Des services de première ligne négligés en violences faites aux femmes

Dans le cadre des 12 jours d’actions contre les violences faites aux femmes, L’R des centres de femmes du Québec interpelle le gouvernement de monsieur Legault : les centres de femmes effectuent des fonctions de première ligne auprès des femmes victimes de multiples formes de violences, mais n’ont pas le financement adéquat pour le faire, une situation alarmante tant pour les femmes qui ont besoin de ces services, que pour les intervenantes de première ligne, ou que pour les organismes.

Dix ans sans augmentation spécifique

La dernière augmentation du financement de la mission des centres de femmes remonte à 2008. Ce rehaussement avait été accordé précisément sur la base de la reconnaissance du travail de première ligne que les centres réalisent en matière de violences faites aux femmes. Or depuis dix ans, le contexte a changé, portant avec lui une plus grande propension des femmes à dénoncer les violences qu’elles subissent tout en limitant leur accès, d’autre part, à des services sociaux accessibles pour les accueillir.

Ressources sous-financées

Les femmes en situation de crise, celles qui ont des défis de santé mentale, celles qui se demandent si elles vivent de la violence, qui ont besoin d’information, d’accompagnement ou de référence vers des ressources spécialisées, font d’abord appel aux centres de femmes. Les centres ont pour mission de rendre ces services gratuits à la population, mais leur mission comporte également d’autres volets qui, présentement, battent de l’aile tant la demande de première ligne est grande. Les mesures d’austérité et leurs conséquences sur les services sociaux sont directement responsables de ce débordement. L’R des centres de femmes demande au Ministère de la Santé et des Services sociaux de prendre acte de ce constat : les centres de femmes assument un mandat d’une grande importance pour la santé publique et ne sont pas financés suffisamment pour le faire.
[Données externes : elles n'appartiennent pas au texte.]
Lemma primitive_add1 X y :
  primitive X -> y \notin X -> ~~ homogeneous X y -> (forall a, a \in X -> ~~ twin X a y) ->
  primitive (y |: X).
Proof.
move=> primX yX hyN tyN; split=> [|I HI]; first by rewrite cardsU1 yX ltnW // ltnS primX.1.
have /andP[IY _] := HI; have trI := primitive_trace primX (subsetUr [set y] X) HI.
move: HI; have -> : I = (if y \in I then [set y] else set0) :|: (I :&: X).
  by rewrite -setIU1; apply/esym/setIidPl.
case: trI => [->|[->|[c IXc]]]; case: (y \in I); rewrite ?set0U ?setU0 => HI.
- by right; right; exists y.
- by left.
- by right; left.
- by case/negP: hyN.
- have cX : c \in X by have /setIP[] : c \in I :&: X by rewrite IXc set11.
  by rewrite IXc in HI; case/negP: (tyN c cX).
- by rewrite IXc; right; right; exists c.
Qed.

(* A module of [u |: (w |: X)] meets the primitive [X] in [set0], [X] or a
   singleton, which leaves these seven sets as the only non-trivial candidates. *)
Lemma primitive_add2 X u w :
  primitive X -> u \notin X -> w \notin X -> u != w ->
  ~~ is_module (u |: (w |: X)) [set u; w] -> ~~ is_module (u |: (w |: X)) X ->
  ~~ is_module (u |: (w |: X)) (u |: X) -> ~~ is_module (u |: (w |: X)) (w |: X) ->
  (forall c, c \in X -> ~~ is_module (u |: (w |: X)) [set u; c]) ->
  (forall c, c \in X -> ~~ is_module (u |: (w |: X)) [set w; c]) ->
  (forall c, c \in X -> ~~ is_module (u |: (w |: X)) (u |: [set w; c])) ->
  primitive (u |: (w |: X)).
Proof.
move=> primX uX wX uw Nuw NX NuX NwX Nuc Nwc Nuwc.
have XY : X \subset u |: (w |: X) by rewrite setUA subsetUr.
split=> [|I HI]; first exact: leq_trans primX.1 (subset_leq_card XY).
have /andP[IY _] := HI; have trI := primitive_trace primX XY HI.
move: HI; have -> : I = (if u \in I then [set u] else set0) :|:
                       ((if w \in I then [set w] else set0) :|: (I :&: X)).
  by rewrite -!setIU1; apply/esym/setIidPl.
case: trI => [->|[->|[c IXc]]].
- case: (u \in I); case: (w \in I); rewrite ?set0U ?setU0 => HI.
  + by case/negP: Nuw.
  + by right; right; exists u.
  + by right; right; exists w.
  + by left.
- case: (u \in I); case: (w \in I); rewrite ?set0U => HI.
  + by right; left.
  + by case/negP: NuX.
  + by case/negP: NwX.
  + by case/negP: NX.
have cX : c \in X by have /setIP[] : c \in I :&: X by rewrite IXc set11.
rewrite IXc; case: (u \in I); case: (w \in I); rewrite ?set0U => HI.
- by case/negP: (Nuwc c cX).
- by case/negP: (Nuc c cX).
- by case/negP: (Nwc c cX).
- by right; right; exists c.
Qed.

Lemma primitive_add2_twin X a u w :
  primitive X -> a \in X -> u \notin X -> w \notin X ->
  twin X a u -> ~~ twin X a w -> arcs w a != arcs w u -> primitive (u |: (w |: X)).
Proof.
move=> primX aX uX wX tu twN awu; have ty := twinP aX uX tu.
have uw : u != w by apply: contraNneq twN => <-.
have inY z : z \in X -> z \in u |: (w |: X) by move=> zX; rewrite !inE zX !orbT.
have uY : u \in u |: (w |: X) by rewrite setU11.
have wY : w \in u |: (w |: X) by rewrite !inE eqxx orbT.
apply: primitive_add2 => // [||||c cX|c cX|c cX]; apply/negP => /is_moduleP[_ H].
- case/negP: twN; apply/twinP => // z zX za.
  rewrite ty //; apply: H; rewrite ?inY ?set21 ?set22 //.
  by rewrite !inE negb_or (memPn uX z zX) (memPn wX z zX).
- case/negP: (twin_not_homogeneous primX aX uX tu).
  by apply/(homogeneousP uX) => p q pX qX; apply: H.
- by case/negP: awu; apply/eqP/H; rewrite // !inE ?aX ?eqxx ?orbT // negb_or eq_sym uw.
- case/negP: (twin_not_homogeneous primX aX uX tu).
  apply/(homogeneousP uX) => p q pX qX.
  by apply: H; rewrite // !inE ?pX ?qX ?orbT // negb_or uw.
- have tcu : twin X c u.
    apply/twinP => // z zX zc; apply: H; rewrite ?inY ?set21 ?set22 //.
    by rewrite !inE negb_or (memPn uX z zX) zc.
  move: H; rewrite -(twin_unique primX aX cX uX tu tcu) => H.
  case/negP: awu; apply/eqP/H; rewrite ?set21 ?set22 //.
  by rewrite !inE negb_or eq_sym uw (memPnC wX a aX).
- have tcw : twin X c w.
    apply/twinP => // z zX zc; apply: H; rewrite ?inY ?set21 ?set22 //.
    by rewrite !inE negb_or (memPn wX z zX) zc.
  have ca : c != a by apply: contraNneq twN => <-.
  have e1 : arcs u w = arcs u c.
    by apply: H; rewrite ?set21 ?set22 // !inE negb_or uw (memPnC uX c cX).
  have e2 : arcs c a = arcs c u := ty c cX ca.
  have e3 : arcs a c = arcs a w by apply: (twinP cX wX tcw); rewrite // eq_sym.
  by case/negP: awu; rewrite -(arcs_flip e3) e2 (arcs_flip e1).
- have tcu : twin X c u.
    apply/twinP => // z zX zc; apply: H; rewrite ?inY ?setU11 //.
      by rewrite !inE !negb_or (memPn uX z zX) (memPn wX z zX) zc.
    by rewrite !inE eqxx !orbT.
  move: H; rewrite -(twin_unique primX aX cX uX tu tcu) => H.
  case/negP: twN; apply/twinP => // z zX za; rewrite ty //; apply: H.
  + exact: inY.
  + by rewrite !inE !negb_or (memPn uX z zX) (memPn wX z zX) za.
  + exact: setU11.
  + by rewrite !inE eqxx orbT.
Qed.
Porte d’entrée des femmes victimes de violences multiples

Les femmes vivant des situations complexes liées à différentes difficultés, souvent simultanées (pauvreté, violence physique, problème de santé mentale, itinérance, etc.), sont référées par le CLSC ou par le service téléphonique d’infosanté ou d’infosocial, directement aux centres de femmes. De plus, sachant qu’environ 70% des femmes victimes de violence conjugale ne vont pas en maison d’hébergement, que les services externes qu’elles offrent s’adressent principalement aux ex-hébergées et que les maisons ont des listes d’attente importantes pour ces services, les centres de femmes sont donc des ressources indispensables. En effet, les centres les accueillent une à une, les écoutent et les accompagnent vers la sécurité, que ce soit en les référant à des ressources spécialisées ou en les soutenant dans la création d’un scénario de protection. Elles font ce travail avec les victimes de violence conjugale, mais aussi avec les victimes d’agression sexuelle.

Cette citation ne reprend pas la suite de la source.